**EXERCISE GOAL**
Only the lines from the start of the entries up to and including the line with "Section PolarChannel." should be written out, exactly as they stand.

**Records from a data source**

****************

Lemma sum_ffun_prod_coord (R : comNzRingType) (I A : finType) (t : I)
    (a : I -> A -> R) (g : A -> R) :
  \sum_(X : {ffun I -> A}) (\prod_k a k (X k)) * g (X t) =
  (\prod_(k | k != t) \sum_x a k x) * \sum_x a t x * g x.
Proof.
transitivity (\sum_(X : {ffun I -> A})
    \prod_k (a k (X k) * (if k == t then g (X k) else 1))).
  apply: eq_bigr => X _; rewrite big_split /=; congr (_ * _).
  by rewrite (bigD1 t) //= eqxx big1 ?mulr1 // => k /negbTE ->.
rewrite -(bigA_distr_bigA (fun k x => a k x * (if k == t then g x else 1))) /=.
rewrite (bigD1 t) //= mulrC; congr (_ * _).
  by apply: eq_bigr => k /negbTE kt; apply: eq_bigr => x _; rewrite kt mulr1.
by apply: eq_bigr => x _; rewrite eqxx.
Qed.

Lemma sum1_rowF2 (R : nzSemiRingType) (N : nat) :
  \sum_(x : 'rV['F_2]_N) (1 : R) = 2 ^+ N.
Proof. by rewrite sumr_const card_mx card_Fp // mul1n natrX. Qed.

Lemma sum_pair (M : nmodType) (A B : finType) (F : A * B -> M) :
  \sum_(p : A * B) F p = \sum_(a : A) \sum_(b : B) F (a, b).
Proof. by rewrite pair_bigA; apply: eq_bigr => -[]. Qed.

Section PolarChannel.
Variables (R : realType) (Y : finType) (W : 'F_2 -> Y -> R) (n : nat).

Local Notation N := (2 ^ n)%N.
Local Notation row := 'rV['F_2]_N.
Local Notation outputs := {ffun 'I_N -> Y}.
Local Notation P i := (prefix_joint (fun _ : 'I_N => W) i).

Definition polar_lik (u : row) (y : outputs) : R :=
  \prod_(j < N) W ((u *m polarG n) 0 j) (y j).

Definition prefix_obs (i : 'I_N) (u : row) (y : outputs) :=
  ([ffun k : 'I_i => u 0 (widenN k)], y).

Definition bhatt_ratio (i : 'I_N) (b : 'F_2) (o : {ffun 'I_i -> 'F_2} * outputs) :=
  Num.sqrt (P i (b + 1) o) / Num.sqrt (P i b o).
Arguments bhatt_ratio : clear implicits.

Definition bhatt_given (i : 'I_N) (u : row) : R :=
  \sum_(y : outputs) polar_lik u y * bhatt_ratio i (u 0 i) (prefix_obs i u y).

Hypothesis W_ge0 : forall x y, 0 <= W x y.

****************

**ANSWER SECTION**
Lemma sum_ffun_prod_coord (R : comNzRingType) (I A : finType) (t : I)
    (a : I -> A -> R) (g : A -> R) :
  \sum_(X : {ffun I -> A}) (\prod_k a k (X k)) * g (X t) =
  (\prod_(k | k != t) \sum_x a k x) * \sum_x a t x * g x.
Proof.
transitivity (\sum_(X : {ffun I -> A})
    \prod_k (a k (X k) * (if k == t then g (X k) else 1))).
  apply: eq_bigr => X _; rewrite big_split /=; congr (_ * _).
  by rewrite (bigD1 t) //= eqxx big1 ?mulr1 // => k /negbTE ->.
rewrite -(bigA_distr_bigA (fun k x => a k x * (if k == t then g x else 1))) /=.
rewrite (bigD1 t) //= mulrC; congr (_ * _).
  by apply: eq_bigr => k /negbTE kt; apply: eq_bigr => x _; rewrite kt mulr1.
by apply: eq_bigr => x _; rewrite eqxx.
Qed.

Lemma sum1_rowF2 (R : nzSemiRingType) (N : nat) :
  \sum_(x : 'rV['F_2]_N) (1 : R) = 2 ^+ N.
Proof. by rewrite sumr_const card_mx card_Fp // mul1n natrX. Qed.

Lemma sum_pair (M : nmodType) (A B : finType) (F : A * B -> M) :
  \sum_(p : A * B) F p = \sum_(a : A) \sum_(b : B) F (a, b).
Proof. by rewrite pair_bigA; apply: eq_bigr => -[]. Qed.

Section PolarChannel.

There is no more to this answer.